Most of the letters I receive these days prompt angry phone calls to so-called 'customer service' helplines. Others – the ones that look really important – with bank logos and what-not on the envelopes, I don't even open and just shove underneath the coffee table in the hope they'll be "accidentally" thrown out.


Our relationship with letters has changed. Most of the letters we interact with are scary letters: endless bank statements because once upon a time you ticked a box on some application requesting a printed review of your depleting finances every two days, a crooked organisation asking you to hand over all of your worldly possessions in a black bag which they will collect and dispense "to countries like Africa and Ukraine", or maybe a postcard from some (soon to be ex) friend who's whooping it up in Sydney while you're crying on the phone to an electricity company.


Brevity is currency in the exchange of information and general communication today.
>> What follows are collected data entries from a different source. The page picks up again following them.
Lemma Gop_charge d t s : Gop w d t s != 0 -> charge t = charge s.
Proof.
elim: d t s => [|e|d1 IH1 d2 IH2|d1 IH1 d2 IH2] t s.
- by rewrite /Gop /=; case: t => [|? ?]; case: s => [|? ?]; rewrite /= ?eqxx.
- exact: Gop_elem_charge.
- rewrite /Gop /= /op_tens mulf_eq0 negb_or => /andP[nz1 nz2].
  rewrite -(cat_take_drop (size (out_bd d1)) t) -(cat_take_drop (size (in_bd d1)) s).
  by rewrite !charge_cat (IH1 _ _ nz1) (IH2 _ _ nz2).
- rewrite /Gop /= /op_comp => nz.
  have [u] : exists u : (size (in_bd d1)).-tuple bool,
      eval (elemG w) d1 t u * eval (elemG w) d2 u s != 0.
    apply/existsP; apply: contraNT nz => /existsPn all0.
    by apply/eqP/big1 => u _; apply/eqP/negbNE/all0.
  by rewrite mulf_eq0 negb_or => /andP[nz1 nz2]; rewrite (IH1 _ _ nz1) (IH2 _ _ nz2).
Qed.

Definition factorizes (d : diag) : Prop :=
  forall t s, size t = size (out_bd d) -> size s = size (in_bd d) ->
  Fop w d t s =
  w ^ (2 * wr d + corr true (out_bd d) t + corr false (in_bd d) s) * Gop w d t s.

(* [field] only understands literal integer exponents. *)
Ltac eval_exprz := repeat match goal with |- context [?x ^ ?e] =>
  let v := eval vm_compute in e in progress rewrite -[e]/v end; rewrite /exprz.

Lemma factorizes_elem e : factorizes (DElem e).
Proof.
rewrite /factorizes /Fop /Gop /=; case: e => [o|o|o|o1 o2|o1 o2|o|o] /=;
  rewrite ?invmx_F_Pos ?F_Pos_mx ?invmx_F_M ?invmx_G_HE1 ?invmx_G_Pos;
  case=> [|[] [|[] [|? ?]]]; case=> [|[] [|[] [|? ?]]] => // _ _;
  rewrite ?op2_mk4 /corr !big_ord_recr !big_ord0 /=.
all: by eval_exprz; field; rewrite ?expf_neq0.
Qed.

Lemma factorizes_tens d1 d2 :
  factorizes d1 -> factorizes d2 -> factorizes (DTens d1 d2).
Proof.
move=> fd1 fd2 t s /=; rewrite !size_cat /bshift !size_map => size_t size_s.
case/andP: (ranked_bd d1) => r_out r_in.
set n := size (out_bd d1); set m := size (in_bd d1).
have size_t1 : size (take n t) = n by rewrite size_takel // size_t leq_addr.
have size_s1 : size (take m s) = m by rewrite size_takel // size_s leq_addr.
have size_t2 : size (drop n t) = size (out_bd d2) by rewrite size_drop size_t addKn.
have size_s2 : size (drop m s) = size (in_bd d2) by rewrite size_drop size_s addKn.
rewrite /Fop /Gop /= /op_tens -/(Fop w d1) -/(Fop w d2) -/(Gop w d1) -/(Gop w d2).
rewrite (fd1 _ _ size_t1 size_s1) (fd2 _ _ size_t2 size_s2) mulrACA.
set G12 := Gop w d1 _ _ * Gop w d2 _ _.
have [->|nz] := eqVneq G12 0; first by rewrite !mulr0.
move: (nz); rewrite mulf_eq0 negb_or => /andP[/Gop_charge q1 /Gop_charge q2].
rewrite -{3}(cat_take_drop n t) -{3}(cat_take_drop m s) !corr_tens // q1 q2.
by rewrite -!expfzDr //; congr (w ^ _ * _); rewrite /= -/m; ring.
Qed.

Lemma factorizes_comp d1 d2 : in_bd d1 = out_bd d2 ->
  factorizes d1 -> factorizes d2 -> factorizes (DComp d1 d2).
Proof.
move=> glue fd1 fd2 t s /= size_t size_s.
rewrite /Fop /Gop /= /op_comp -/(Fop w d1) -/(Fop w d2) -/(Gop w d1) -/(Gop w d2).
rewrite mulr_sumr; apply: eq_bigr => u _.
have size_u : size u = size (in_bd d1) by rewrite size_tuple.
rewrite (fd1 _ _ size_t size_u) (fd2 _ _ _ size_s) -?glue //.
rewrite mulrACA -expfzDr // [corr false (in_bd d1) u]corr_in_out.
by congr (w ^ _ * _); ring.
Qed.

Lemma wf_factorizes d : wf d -> factorizes d.
Proof.
elim: d => [|e|d1 IH1 d2 IH2|d1 IH1 d2 IH2] /= wf_d.
- by case=> [|//] [|//] _ _; rewrite /Fop /Gop /corr /= !big_ord0 mulr1.
- exact: factorizes_elem.
- by case/andP: wf_d => /IH1 ? /IH2 ?; apply: factorizes_tens.
- by case/and3P: wf_d => /IH1 ? /IH2 ? /eqP ?; apply: factorizes_comp.
Qed.

Lemma sum_Cop_mul b Z n (t : n.-tuple bool) (f : seq bool -> R) :
  \sum_(u : n.-tuple bool) Cop w b Z t u * f u = w ^ corr b Z t * f t.
Proof.
rewrite (bigD1 t) //= big1 ?addr0; first by rewrite /Cop eqxx.
by move=> u ut; rewrite /Cop val_eqE eq_sym (negbTE ut) mul0r.
Qed.

Lemma sum_mul_Cop b Z n (s : n.-tuple bool) (f : seq bool -> R) :
  \sum_(u : n.-tuple bool) f u * Cop w b Z u s = f s * w ^ corr b Z s.
Proof.
rewrite (bigD1 s) //= big1 ?addr0; first by rewrite /Cop eqxx.
by move=> u us; rewrite /Cop val_eqE (negbTE us) mulr0.
Qed.

End Invariants.

Unset Implicit Arguments.

Theorem lemma5p15 (R : fieldType) (w : R) (hw : w != 0) (d : diag) (hd : wf d) :
  op_eq (size (out_bd d)) (size (in_bd d))
    (Fop w d)
    (op_scale (w ^ (2 * wr d))
       (op_comp (size (out_bd d)) (Cop w true (out_bd d))
          (op_comp (size (in_bd d)) (Gop w d) (Cop w false (in_bd d))))).
Proof.
move=> t s; rewrite /op_scale /op_comp.
set Gin := fun u => \sum_(v : (size (in_bd d)).-tuple bool)
  Gop w d u v * Cop w false (in_bd d) v s.
rewrite (sum_Cop_mul _ _ _ _ Gin) /Gin (sum_mul_Cop _ _ _ _ (Gop w d t)).
rewrite (wf_factorizes hw hd) ?size_tuple //.
by rewrite !expfzDr //; ring.
Qed.
(* Let $T$ be a lifted graph, $F\colon T\to T$ a continuous sun-like map of degree 1, ${\cal P}$ a basic partition of $F$ and ${\cal G}$ its covering graph. (i) Let $\gamma_1,\gamma_2$ be two loops in ${\cal G}$ starting at the same vertex $\alpha$. If $r\in[\rho(\widetilde\gamma_1),\rho(\widetilde\gamma_2)]\cap\mathbb Q$, then there exists a loop $\gamma$ starting at $\alpha$ with $\rho(\widetilde\gamma)=r$. (ii) Let $\alpha$ be a vertex of ${\cal G}$ and, for every $n\ge0$, let $\gamma_n$ be a loop in ${\cal G}$ starting at $\alpha$. If $\lim_{n\to\infty}\rho(\widetilde\gamma_n)=s\in\mathbb R$, then there exists an infinite path $\bar\alpha=(\alpha_n)_{n\ge0}$ in ${\cal G}$ with $\alpha_0=\alpha$, $\alpha_n=\alpha$ for infinitely many $n$, and $\rho(\bar\alpha)=s$.
   Context: A lifted graph is a connected topological space $T$ with a homeomorphism $h\colon\mathbb R\to h(\mathbb R)\subset T$ and a homeomorphism $\tau\colon T\to T$ such that $\tau(h(x))=h(x+1)$, the closure of each connected component of $T\setminus h(\mathbb R)$ is a topological finite graph meeting $h(\mathbb R)$ in exactly one point, and only finitely many such components have closure meeting $h([0,1])$. Identify $h(\mathbb R)$ with $\mathbb R$, write $x+m:=\tau^m(x)$; $r_{\mathbb R}\colon T\to\mathbb R$ is the identity on $\mathbb R$ and maps a component $C$ of $T\setminus\mathbb R$ to the point $\overline C\cap\mathbb R$. $F$ has degree 1 if $F(x+1)=F(x)+1$. Let $T_{\mathbb R}:=\overline{\bigcup_{n\ge0}F^n(\mathbb R)}$, $X:=\overline{T\setminus T_{\mathbb R}}\cap r_{\mathbb R}^{-1}([0,1))$. $F$ is sun-like if $(T\setminus T_{\mathbb R})\cap r_{\mathbb R}^{-1}([0,1))$ consists of finitely many intervals with pairwise disjoint closures $X^i$, $i\in\Lambda$ (branches), each a compact interval meeting $T_{\mathbb R}$ in one endpoint $\min X^i$ (fixing the order of $X^i$). A basic partition is a finite family ${\cal P}=\{X^i_j\}$ of pairwise disjoint nonempty compact intervals $X^i_1<\dots<X^i_{N_i}$ in $X^i$, with $\ell(X^i_j)\in\Lambda$, $p(X^i_j)\in\mathbb Z$, such that $F(X^i_j)\subset(X^{\ell(X^i_j)}+p(X^i_j))\cup\mathrm{Int}(T_{\mathbb R})$, $F(\min X^i_j)=\min X^{\ell(X^i_j)}+p(X^i_j)$, and $F(X\setminus\bigcup X^i_j)\cap(X+\mathbb Z)=\emptyset$. For $A_0,\dots,A_n\in{\cal P}$, $\langle A_0\dots A_n\rangle:=F^n(\{x\in T: F^i(x)\in A_i+\mathbb Z,\ 0\le i\le n\})\cap X$. $A_0\dots A_n\sim B_0\dots B_m$ iff for some $k\le\min(n,m)$, $A_{n-i}=B_{m-i}$ ($0\le i\le k$) and $\langle A_0\dots A_{n-k}\rangle=A_{n-k}=B_{m-k}=\langle B_0\dots B_{m-k}\rangle$. The covering graph ${\cal G}$: vertices are classes $A_0\dots A_n/\!\sim$ with $\langle A_0\dots A_n\rangle\ne\emptyset$; arrow $\alpha\to\beta$ iff $\alpha=A_0\dots A_n/\!\sim$, $\beta=A_0\dots A_nA_{n+1}/\!\sim$ for some $A_i\in{\cal P}$. The weight of an arrow $\alpha\to\beta$ is $W(\alpha\beta):=p(A)$ with $A\in{\cal P}$ the unique element containing $\langle\alpha\rangle$. A finite path $\alpha_0\dots\alpha_n$ ($\alpha_i\to\alpha_{i+1}$) has length $n$ and weight $W(\alpha_0\dots\alpha_n):=\sum_{i<n}W(\alpha_i\alpha_{i+1})$; a loop starting at $\alpha$ is a finite path of positive length with $\alpha_0=\alpha_n=\alpha$; $\widetilde\gamma$ denotes the infinite path obtained by concatenating the loop $\gamma$ with itself infinitely many times. For an infinite path $\bar\alpha=(\alpha_n)_{n\ge0}$, $\rho(\bar\alpha):=\lim_{n\to\infty}W(\alpha_0\dots\alpha_n)/n$ when the limit exists. *)

(* The real line is an arbitrary realType R
   (every realType is isomorphic to the reals). *)
From HB Require Import structures.
From mathcomp Require Import all_boot all_order all_algebra.
From mathcomp Require Import all_classical all_reals all_analysis.
Set Implicit Arguments. Unset Strict Implicit. Unset Printing Implicit Defensive.
Import Order.TTheory GRing.Theory Num.Theory.
Import numFieldTopology.Exports numFieldNormedType.Exports.
Local Open Scope classical_set_scope.
Local Open Scope ring_scope.

Section LiftedGraphs.
Variables (R : realType) (T : topologicalType).

Definition I01 : set R := [set t | 0 <= t <= 1].
Definition I01l : set R := [set t | 0 < t <= 1].

Definition embedding_on (D : set R) (f : R -> T) : Prop :=
  [/\ (forall x y, D x -> D y -> f x = f y -> x = y),
      {within D, continuous f} &
      (forall U : set R, open U ->
         exists V : set T, open V /\ f @` (U `&` D) = V `&` f @` D)].

Definition topological_finite_graph (G : set T) : Prop :=
  exists (V : seq T) (m : nat) (E : 'I_m -> R -> T),
    [/\ (forall e, embedding_on I01 (E e)),
        (forall e, (E e 0) \in V /\ (E e 1) \in V),
        (forall e t, 0 < t < 1 -> E e t \notin V),
        (forall i j, i <> j -> forall s t, 0 < s < 1 -> 0 < t < 1 ->
             E i s <> E j t) &
        G = [set x | x \in V] `|` \bigcup_(e in [set: 'I_m]) (E e @` I01)].

Definition homeomorphism (tau : T -> T) : Prop :=
  [/\ bijective tau, continuous tau & (forall U : set T, open U -> open (tau @` U))].

Definition comp (h : R -> T) (x : T) : set T :=
  connected_component (~` range h) x.

Definition lifted_graph (h : R -> T) (tau : T -> T) : Prop :=
  connected [set: T] /\
  [/\ embedding_on setT h,
      homeomorphism tau,
      (forall x, tau (h x) = h (x + 1)),
      (forall x, ~ range h x ->
          topological_finite_graph (closure (comp h x)) /\
          exists y, closure (comp h x) `&` range h = [set h y]) &
      finite_set [set C : set T | exists x, ~ range h x /\ C = comp h x /\
                     closure C `&` (h @` I01) !=set0] ].

(* r_R t = x *)
Definition rR (h : R -> T) (x : R) (t : T) : Prop :=
  t = h x \/ (~ range h t /\ closure (comp h t) (h x)).

(* y = x + m, i.e. y = tau^m x, for m : int *)
Definition zshift (tau : T -> T) (m : int) (x y : T) : Prop :=
  (exists n : nat, m = n%:Z /\ y = iter n tau x) \/
  (exists n : nat, m = - n%:Z /\ x = iter n tau y).

Definition shiftset (tau : T -> T) (A : set T) (m : int) : set T :=
  [set y | exists2 x, A x & zshift tau m x y].

Definition Zorbit (tau : T -> T) (A : set T) : set T :=
  \bigcup_(m in [set: int]) shiftset tau A m.

Definition degree_one (tau F : T -> T) : Prop := forall x, F (tau x) = tau (F x).
(* Let $\nu$ be a Krull valuation on $\mathbb{K}[x]$ and $Q$ a key polynomial for $\nu$ with $n=\deg Q$. Let $f=f_0+f_1Q+\dots+f_sQ^s$ where each $f_i\in\mathbb{K}[x]$ is either $0$ or a product of polynomials of degree smaller than $n$. Then $\nu_Q(f)=\min_{0\le i\le s}\{\nu(f_iQ^i)\}$.
   Context: Truncation: every $g\in\mathbb{K}[x]$ has a unique $Q$-expansion $g=g_0+g_1Q+\dots+g_tQ^t$ with $\deg g_i<\deg Q$; $\nu_Q(g)=\min_i\nu(g_iQ^i)$. Key polynomials: for nonzero $g$, with Hasse derivatives $\partial_bg=\sum_{i\ge b}\binom{i}{b}a_ix^{i-b}$ for $g=\sum a_ix^i$, $\epsilon(g)=\max_{1\le b\le\deg g}(\nu(g)-\nu(\partial_bg))/b$ if $\deg g>0$ and $\epsilon(g)=-\infty$ if $g$ is constant; a monic $Q$ is a key polynomial for $\nu$ if $\epsilon(g)\ge\epsilon(Q)$ implies $\deg g\ge\deg Q$ for all $g$. (For a key polynomial $Q$, $\nu_Q$ is a valuation.) *)

From mathcomp Require Import all_boot all_order all_algebra.
Set Implicit Arguments. Unset Strict Implicit. Unset Printing Implicit Defensive.
Import GRing.Theory.
Local Open Scope ring_scope.

Record ordered_group (G : zmodType) (le : rel G) : Prop := OrderedGroup {
  og_refl : reflexive le;
  og_anti : antisymmetric le;
  og_trans : transitive le;
  og_total : total le;
  og_add : forall a b c, le a b -> le (a + c) (b + c)
}.

(* G u {oo}: None stands for oo (the top element). *)
Definition oadd (G : zmodType) (x y : option G) : option G :=
  match x, y with Some a, Some b => Some (a + b) | _, _ => None end.
Definition ole (G : zmodType) (le : rel G) (x y : option G) : bool :=
  match x, y with
  | _, None => true
  | None, Some _ => false
  | Some a, Some b => le a b
  end.
Definition omin (G : zmodType) (le : rel G) (x y : option G) : option G :=
  if ole le x y then x else y.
Sure nobody has any time to be reading wads of writing paper. A simple text message, something like "u r hot", is enough to sustain written romance in relationships, right? Maybe writing something longer on your partner's Facebook wall, perhaps "u r hot" accompanied by a YouTube video of Snoop Doggy Dog's 'Drop It Like It's Hot', or a kitten doing something cute, for example. These are not recommendations, just examples, so don't blame me if you get dumped (via text message, probably).


It's remarkably touching how passionately Burton wrote. What is also touching is how Taylor kept his letters for all these years.


Our own personal archives of communication and correspondence are rapidly depleting in their tangibility.


That said, one of Burton's letter nicknames for Taylor was 'Twit Twaddle' which is quite Twitter-esque, but that's just an accident, and you can't put all your emails and Facebook messages in a box in the attic to be rediscovered years later.


I was in Amsterdam last weekend and paid a visit to the house where Anne Frank and her family hid during World War II. Her diaries are displayed in the museum; notebooks and notebooks of letters to her diary 'Kitty' in perfectly neat writing, all kept as a record of her rather monotonous time in the annexe. What was a simple exercise for her turned into a remarkable book that changed the world. Think about it – what will we have to show for ourselves?